Lemma outskirts_subseq_notin (z : nat -> R * R) (phi : nat -> nat) p :
  (forall n, outskirts D n (z n)) -> phi @ \oo --> \oo -> z \o phi @ \oo --> p ->
  ~ D p.
Proof.
move=> zout phi_oo zp Dp.
have /nbhs_ballP[r r0 pD] : nbhs p D by apply: open_nbhs_nbhs; split.
have r20 : 0 < r / 2 by rewrite divr_gt0.
near \oo => k.
have zpk : `|z (phi k) - p| < r / 2.
  near: k; move/cvgrPdist_lt : zp => /(_ _ r20); apply: filterS => k.
  by rewrite distrC.
case: (zout (phi k)) => [[q Dq zq] | zbig].
- have zqr : `|z (phi k) - q| < r / 2.
    apply: lt_trans zq _; near: k.
    exact: phi_oo _ (near_infty_natSinv_lt (PosNum r20)).
  apply: Dq; apply: pD; rewrite -ball_normE /=.
  have := ler_distD (z (phi k)) p q; rewrite (distrC p (z (phi k))); lra.
- have pr_k : `|p| + r < (phi k)%:R by near: k; exact: phi_oo _ (nbhs_infty_gtr _).
  by have := ler_distD p (z (phi k)) 0; rewrite !subr0; lra.
Unshelve. all: end_near. Qed.

Lemma clusterset_or_attained (z : nat -> R * R) w :
  (forall n, D (z n)) -> f \o z @ \oo --> w ->
  clusterset D f w \/
  exists p phi, [/\ D p, f p = w, phi @ \oo --> \oo & z \o phi @ \oo --> p].
Proof.
move=> Dz fzw.
have [zoo | /not_cvgy_subseq[p [phi [phi_oo zp]]]] :=
  pselect ((fun n => `|z n|) @ \oo --> +oo).
  by left; exists z; split => //; split => //; right.
have fzpw : f \o (z \o phi) @ \oo --> w := cvg_comp _ _ phi_oo fzw.
have [Dp | nDp] := pselect (D p).
  right; exists p, phi; split => //.
  have fzpp := cvg_comp _ _ zp (fcont p Dp).
  exact: (cvg_unique (@norm_hausdorff R (R * R)%type) fzpp fzpw).
left; exists (z \o phi); split; [by move=> n; apply: Dz | split => //].
left; exists p; split; last by split.
apply: (closed_cvg _ (@closed_closure _ D) _ _ zp); apply: nearW => n.
exact/subset_closure/Dz.
Qed.

End cluster_set.

Definition exceptional {R : realType} (D : set (R * R)) (f : R * R -> R * R) :=
  f @` critset D f `|` clusterset D f.

Section exceptional_set.
Context {R : realType} {D : set (R * R)} {f : R * R -> R * R}.
Hypotheses (oD : open D) (hf : C1_on D f).

Let fcont z : D z -> f @ z --> f z := C1_on_cvg oD hf.

Lemma closure_image_critset : closure (f @` critset D f) `<=` exceptional D f.
Proof.
move=> w /closure_image_cvg[z [Sz fzw]].
have [|[p [phi [Dp fpw phi_oo zp]]]] :=
  clusterset_or_attained fcont _ _ (fun n => (Sz n).1) fzw; first by right.
left; exists p => //; split => //.
have Jzphi : Defs.jacobian f \o (z \o phi) = cst 0.
  by apply/funext => n; exact: (Sz _).2.
have := cvg_comp _ _ zp (C1_on_jacobian_cvg oD hf Dp); rewrite Jzphi => J0.
exact: (cvg_unique (@norm_hausdorff R R) J0 (cvg_cst 0)).
Qed.

Lemma closed_clusterset : closed (clusterset D f).
Proof.
move=> w clw.
have near_w n : exists z, [/\ D z, outskirts D n z & `|f z - w| < n.+1%:R^-1].
  have e0 : 0 < n.+1%:R^-1 / 2 :> R by rewrite divr_gt0.
  have [u [Cu wu]] := clw _ (nbhsx_ballx w _ e0).
  have [z [Dz zout fzu]] := clusterset_outskirts _ n _ Cu e0.
  exists z; split => //; move: wu; rewrite -ball_normE /= => wu.
  apply: le_lt_trans (ler_distD u (f z) w) _.
  rewrite (distrC u w) [X in _ < X]splitr.
  exact: ltrD fzu wu.
have [z /all_and3[Dz zout fzw]] := choice near_w.
have [//|[p [phi [Dp _ phi_oo zp]]]] :=
  clusterset_or_attained fcont z w Dz (cvg_natSinv (f \o z) w fzw).
by case: (outskirts_subseq_notin oD _ _ _ zout phi_oo zp).
Qed.

Lemma closed_exceptional : closed (exceptional D f).
Proof.
move=> w; rewrite closureU => -[/closure_image_critset // | /closed_clusterset Cw].
by right.
Qed.

Lemma open_image_noncritical (A : set (R * R)) :
  open A -> A `<=` D `\` critset D f -> open (f @` A).
Proof.
move=> oA AD; rewrite openE => _ [z Az <-]; have [Dz nSz] := AD z Az.
have Jz : Defs.jacobian f z != 0 by apply/eqP => J0; apply: nSz.
have zA : nbhs z A by apply: open_nbhs_nbhs.
have fzA := C1_on_nbhs_image oD hf Dz Jz zA; exact: fzA.
Qed.

Local Notation U := (D `\` f @^-1` exceptional D f).

Lemma closure_image_component_notin z0 w : ~ exceptional D f w ->
  closure (f @` connected_component U z0) w -> (f @` connected_component U z0) w.
Proof.
move=> Bw /closure_image_cvg[z [Cz fzw]].
have Dz n : D (z n) by have [] := connected_component_sub (Cz n).
have [Cw|[p [phi [Dp fpw phi_oo zp]]]] := clusterset_or_attained fcont z w Dz fzw.
  by case: Bw; right.
exists p => //; apply: connected_component_closure.
- exact: open_setD_preimage _ _ _ oD fcont closed_exceptional.
- by split => //; rewrite /preimage /= fpw.
- apply: (closed_cvg _ (@closed_closure _ _) _ _ zp); apply: nearW => n.
  exact/subset_closure/Cz.
Qed.

End exceptional_set.

Theorem theorem3p10 (R : realType) (D : set (R * R)) (f : R * R -> R * R)
  (hD : open D) (hf : C1_on D f) (z0 : R * R) :
  let B := f @` critset D f `|` clusterset D f in
  (D `\` f @^-1` B) z0 ->
  f @` connected_component (D `\` f @^-1` B) z0 =
  connected_component (~` B) (f z0).
Proof.
move=> B Uz0; have fcont z : D z -> f @ z --> f z := C1_on_cvg hD hf.
have oU : open (D `\` f @^-1` B).
  exact: open_setD_preimage _ _ _ hD fcont (closed_exceptional hD hf).
apply/seteqP; split.
- apply: connected_component_max.
  + by exists z0 => //; exact: connected_component_refl.
  + by move=> _ [z /connected_component_sub[_ nBz] <-].
  + apply: connected_continuous_connected; first exact: component_connected.
    apply: continuous_in_subspaceT => z /set_mem /connected_component_sub[Dz _].
    exact: fcont.
- apply: connected_sub_relclopen; first exact: component_connected.
  + exists (f z0); split; first exact: connected_component_refl Uz0.2.
    by exists z0 => //; exact: connected_component_refl.
  + apply: open_image_noncritical hD hf _ (open_connected_component _ _ oU) _.
    move=> z /connected_component_sub[Dz nBz]; split => // Sz.
    by apply: nBz; left; exists z.
  + move=> w [/connected_component_sub Bw].
    exact: closure_image_component_notin hD hf z0 w Bw.
Qed.
(* Let $E$ be a Fréchet space, $E^*$ its topological dual with the weak$^*$ topology, $J=[a,b]$ with $a<b$, and $f:J\to E^*$ continuous. Then $$\int_a^b f(t)(\mu'(t))\,dt=0$$ for every $\mu\in C^1(J,E)$ with $\mu(a)=\mu(b)=0$ if and only if $f$ is constant on $J$.
   Context: $C^1(J,E)$ denotes continuously differentiable curves $J\to E$ (one-sided derivatives at the endpoints). The integrals are ordinary Lebesgue integrals of continuous real functions; integrals of $E^*$-valued continuous functions are understood in the weak sense: $\int_a^b f\,dt$ is the element $l\in E^*$ with $l(e)=\int_a^b f(t)(e)\,dt$ for all $e\in E$. *)

From Stdlib Require Import Reals Lra ClassicalEpsilon ClassicalDescription.
Open Scope R_scope.

(* A Frechet space over R: a real vector space with a countable separating
   family of seminorms (p_n), complete for the induced (metrizable, locally
   convex) topology: every sequence that is Cauchy for every p_n converges
   for every p_n. *)
Record FrechetSpace := {
  fs_car :> Type;
  fs_zero : fs_car;
  fs_add : fs_car -> fs_car -> fs_car;
  fs_opp : fs_car -> fs_car;
  fs_scal : R -> fs_car -> fs_car;
  fs_add_assoc : forall x y z, fs_add x (fs_add y z) = fs_add (fs_add x y) z;
  fs_add_comm : forall x y, fs_add x y = fs_add y x;
  fs_add_zero : forall x, fs_add x fs_zero = x;
  fs_add_opp : forall x, fs_add x (fs_opp x) = fs_zero;
  fs_scal_assoc : forall c d x, fs_scal c (fs_scal d x) = fs_scal (c * d) x;
  fs_scal_one : forall x, fs_scal 1 x = x;
  fs_scal_distr_l : forall c x y, fs_scal c (fs_add x y) = fs_add (fs_scal c x) (fs_scal c y);
  fs_scal_distr_r : forall c d x, fs_scal (c + d) x = fs_add (fs_scal c x) (fs_scal d x);
  fs_sn : nat -> fs_car -> R;
  fs_sn_nonneg : forall n x, 0 <= fs_sn n x;
  fs_sn_triangle : forall n x y, fs_sn n (fs_add x y) <= fs_sn n x + fs_sn n y;
  fs_sn_homog : forall n c x, fs_sn n (fs_scal c x) = Rabs c * fs_sn n x;
  fs_sn_sep : forall x, (forall n, fs_sn n x = 0) -> x = fs_zero;
  fs_complete : forall u : nat -> fs_car,
    (forall n eps, eps > 0 -> exists N, forall i j, (i >= N)%nat -> (j >= N)%nat ->
        fs_sn n (fs_add (u i) (fs_opp (u j))) < eps) ->
    exists x, forall n eps, eps > 0 -> exists N, forall i, (i >= N)%nat ->
        fs_sn n (fs_add (u i) (fs_opp x)) < eps
}.

Arguments fs_zero {f}.
Arguments fs_add {f}.
Arguments fs_opp {f}.
Arguments fs_scal {f}.
Arguments fs_sn {f}.

Definition fs_sub {E : FrechetSpace} (x y : E) : E := fs_add x (fs_opp y).

Definition fs_continuous (E : FrechetSpace) (g : E -> R) : Prop :=
  forall x eps, eps > 0 -> exists (N : nat) (delta : R), delta > 0 /\
    forall y, (forall n, (n <= N)%nat -> fs_sn n (fs_sub y x) < delta) ->
      Rabs (g y - g x) < eps.
Lemma regular_agree phi psi b : agree_below phi psi b -> regular phi b -> regular psi b.
Proof.
rewrite /regular; move: (k.-1 - size b) => n; elim: n b => [//|n IH] b Hag.
have Hc i : agree_below phi psi (rcons b i).
  exact: agree_below_prefix (prefix_rcons b i) Hag.
move=> [[p [Hp Hfirst Hempty]] | [q [[Hfull Habove Hq] Hreg]]].
  left; exists p; split=> // i Hi.
    by rewrite -(agree_below_first_only (Hc i)); apply: Hfirst.
  by rewrite /empty -(agree_below_nonempty (Hc i)); apply: Hempty.
right; exists q; split; last exact: IH (Hc q) Hreg.
split.
- by move=> i Hi; rewrite -(agree_below_full (Hc i)); apply: Hfull.
- by apply: sparse_above_agree Habove => i _.
- by rewrite -(agree_below_nonempty (Hc q)).
Qed.

Lemma regular_empty phi b : empty a k phi b -> regular phi b.
Proof.
rewrite /regular => He; case: (k.-1 - size b) => //= n.
by left; exists 0; split=> // i _; apply: empty_rcons.
Qed.

Lemma regular_first_only phi b :
  size b <= k.-1 -> first_only phi b -> regular phi b.
Proof.
move=> Hs Hfirst; case: (ltnP (size b) k.-1) => Hb; last by apply: regular_elem; lia.
apply/regularE => //; left; exists 1; split=> [|i|i Hi]; first exact: a2_gt0.
  by rewrite ltnS leqn0 => /eqP ->; apply: first_only_rcons0.
by apply: first_only_rcons_empty Hfirst.
Qed.

Lemma regular_full phi b : size b <= k.-1 -> full a k phi b -> regular phi b.
Proof.
move Et: (k.-1 - size b) => t; elim: t b Et => [|t IH] b Et Hs Hfull.
  by rewrite /regular Et.
have Hb : size b < k.-1 by lia.
have Ha := @a2_le b ltac:(lia).
apply/regularE => //; right; exists (a (k - size b)); split.
  split=> [i _||]; first exact: full_rcons.
    split=> i Hi Hi2; first lia.
    exact/empty_out_of_range/rcons_out_of_range/ltnW.
  by move=> Hq; lia.
by apply: IH; [rewrite size_rcons; lia | rewrite size_rcons; lia | exact: full_rcons].
Qed.

Lemma regular_rcons phi b i : size b < k.-1 -> regular phi b -> regular phi (rcons b i).
Proof.
move=> Hb /regularE-/(_ Hb).
case=> [[p [_ Hfirst Hempty]]|[q [[Hfull [Hfirst Hempty] _] Hreg]]].
  case: (ltnP i p) => Hi; last exact/regular_empty/Hempty.
  by apply: regular_first_only (Hfirst i Hi); rewrite size_rcons.
case: (ltngtP i q) => [Hi|Hi|->] //.
  by apply: regular_full (Hfull i Hi); rewrite size_rcons.
case: (ltnP i (a 2)) => Hi2; last exact/regular_empty/Hempty.
by apply: regular_first_only (Hfirst i Hi Hi2); rewrite size_rcons.
Qed.

Lemma regular_nil phi b : regular phi [::] -> size b <= k.-1 -> regular phi b.
Proof.
move=> Hnil; elim/last_ind: b => [//|b i IH]; rewrite size_rcons => Hs.
by apply: regular_rcons; [lia | apply: IH; lia].
Qed.

Definition next_spec phi b psi : Prop :=
  [/\ ~ full a k phi b ->
        exists x, [/\ is_elem a k x, prefix b x & psi = Defs.set1 phi x],
      empty a k phi b -> psi = Defs.set1 phi (zero_ext b)
    & regular psi b].

Lemma least_empty_leaf_elem phi b m : k - size b = 2 -> least_empty a k phi b m ->
  ~ full a k phi b -> is_elem a k (rcons b m).
Proof.
move=> Hsb Hm Hnf; have [y [Hy Hby Hphi]] := nonfull_witness Hnf.
have Hsz i : size (rcons b i) = k.-1 by rewrite size_rcons; lia.
have Hby_lt : size b < size y by rewrite (is_elem_size Hy); lia.
have [j Hj] := prefix_rcons_exists Hby Hby_lt.
have Ey : rcons b j = y by apply: (prefix_size_eq Hj); rewrite (is_elem_size Hy).
have Hmj : m <= j.
  apply: least_empty_le Hm _ => /(nonempty_elem_full (Hsz j)) /(_ y Hy Hj).
  by rewrite (negbTE Hphi).
have := is_elem_in_range Hy; rewrite -Ey => /in_range_rcons[_ Hja].
rewrite /is_elem Hsz eqxx /=; apply/in_range_rcons; split; last lia.
exact: in_range_prefix Hby (is_elem_in_range Hy).
Qed.

Lemma regular_leaf_set1 phi b m : k - size b = 2 -> least_empty a k phi b m ->
  is_elem a k (rcons b m) -> in_range a k b -> regular phi b ->
  regular (Defs.set1 phi (rcons b m)) b.
Proof.
move=> Hsb Hm Hx Hb Hreg; set psi := Defs.set1 phi (rcons b m).
have Hs : size b <= k - 2 by lia.
have Hsz i : size (rcons b i) = k.-1 by rewrite size_rcons; lia.
have Hag i : i != m -> agree_below phi psi (rcons b i).
  exact: agree_below_set1_sibling (prefix_refl _).
have Hnew : nonempty a k psi (rcons b m) := nonempty_set1_self phi Hx (prefix_refl _).
have Hdense : sparse_above phi b m -> regular psi b.
  move=> Habove; apply/regularE; first lia.
  right; exists m; split; last exact: regular_elem.
  apply: dense_after Hag Habove _ Hnew => i Hi.
  exact/full_set1/(nonempty_elem_full (Hsz i))/(Hm.2 i Hi).
move/regularE: Hreg => /(_ ltac:(lia)) [[p Hsp]|[q [Hd _]]].
  have Emp := sparse_least_empty Hb Hs Hsp Hm; subst p.
  case: (ltnP m (a 2)) => Hma.
    apply/regularE; first lia.
    left; exists m.+1; apply: sparse_after Hag Hsp Hma _.
    exact/(first_only_elem (Hsz m))/(nonempty_elem_full (Hsz m)).
  apply/Hdense/sparse_sparse_above; have [Hma' _ _] := Hsp.
  by have <- : m = a 2 by lia.
apply/Hdense/(dense_sparse_above Hd); rewrite leqNgt; apply/negP => Hmq.
have [Hq_full _ _] := Hd; apply: Hm.1.
exact: full_nonempty (is_elem_in_range Hx) (eq_leq (Hsz m)) (Hq_full m Hmq).
Qed.

Lemma next_spec_leaf phi b m : k - size b = 2 -> least_empty a k phi b m ->
  in_range a k b -> regular phi b -> next_spec phi b (Defs.set1 phi (rcons b m)).
Proof.
move=> Hsb Hm Hb Hreg; split.
- move=> Hnf; exists (rcons b m); split; last by [].
    exact: least_empty_leaf_elem Hsb Hm Hnf.
  exact: prefix_rcons.
- move=> He; have Hm0 := least_empty_le Hm (empty_rcons (i:=0) He).
  have -> : m = 0 by lia.
  by rewrite -zero_ext_rcons0 ?zero_ext_id ?size_rcons //; lia.
case: (classic (full a k phi b)) => Hfull.
  exact: regular_agree (agree_below_set1_full _ Hfull) Hreg.
exact: regular_leaf_set1 Hsb Hm (least_empty_leaf_elem Hsb Hm Hfull) Hb Hreg.
Qed.

Lemma next_spec_small phi b m psi : 2 < k - size b -> least_empty a k phi b m ->
  m < a 2 ->
  (in_range a k (rcons b m) -> regular phi (rcons b m) ->
     next_spec phi (rcons b m) psi) ->
  in_range a k b -> regular phi b -> next_spec phi b psi.
Proof.
move=> Hsb Hm Hma IH Hb Hreg.
have Hs : size b <= k - 2 by lia.
have Hr := in_range_rcons_small Hb Hs Hma.
have He := Hm.1.
have [_ IH_empty _] := IH Hr (regular_empty He).
have Epsi := IH_empty He; subst psi.
split.
- move=> _; exists (zero_ext (rcons b m)); split=> //.
    by apply: zero_ext_elem Hr _; rewrite size_rcons; lia.
  exact: prefix_trans (prefix_rcons b m) (prefix_prefix _ _).
- move=> Hbe; have Hm0 : m = 0.
    by have := least_empty_le Hm (empty_rcons (i:=0) Hbe); lia.
  by rewrite Hm0 zero_ext_rcons0 //; lia.
move/regularE: Hreg => /(_ ltac:(lia)) [[p Hsp]|[q [Hd _]]]; last first.
  by case: He; apply: dense_children_nonempty Hb Hs Hd Hma.
have Emp := sparse_least_empty Hb Hs Hsp Hm; subst p.
apply/regularE; first lia.
left; exists m.+1; apply: sparse_after _ Hsp Hma (empty_set1_first_only He).
by move=> i; apply: agree_below_set1_sibling (prefix_prefix _ _).
Qed.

• **Problem statement**: Your response should be the exact lines running from the one with "- move=> Hbe; have Hm0 : m = 0." to the final line of the material above.

• **Completed task**:
- move=> Hbe; have Hm0 : m = 0.
    by have := least_empty_le Hm (empty_rcons (i:=0) Hbe); lia.
  by rewrite Hm0 zero_ext_rcons0 //; lia.
move/regularE: Hreg => /(_ ltac:(lia)) [[p Hsp]|[q [Hd _]]]; last first.
  by case: He; apply: dense_children_nonempty Hb Hs Hd Hma.
have Emp := sparse_least_empty Hb Hs Hsp Hm; subst p.
apply/regularE; first lia.
left; exists m.+1; apply: sparse_after _ Hsp Hma (empty_set1_first_only He).
by move=> i; apply: agree_below_set1_sibling (prefix_prefix _ _).
Qed.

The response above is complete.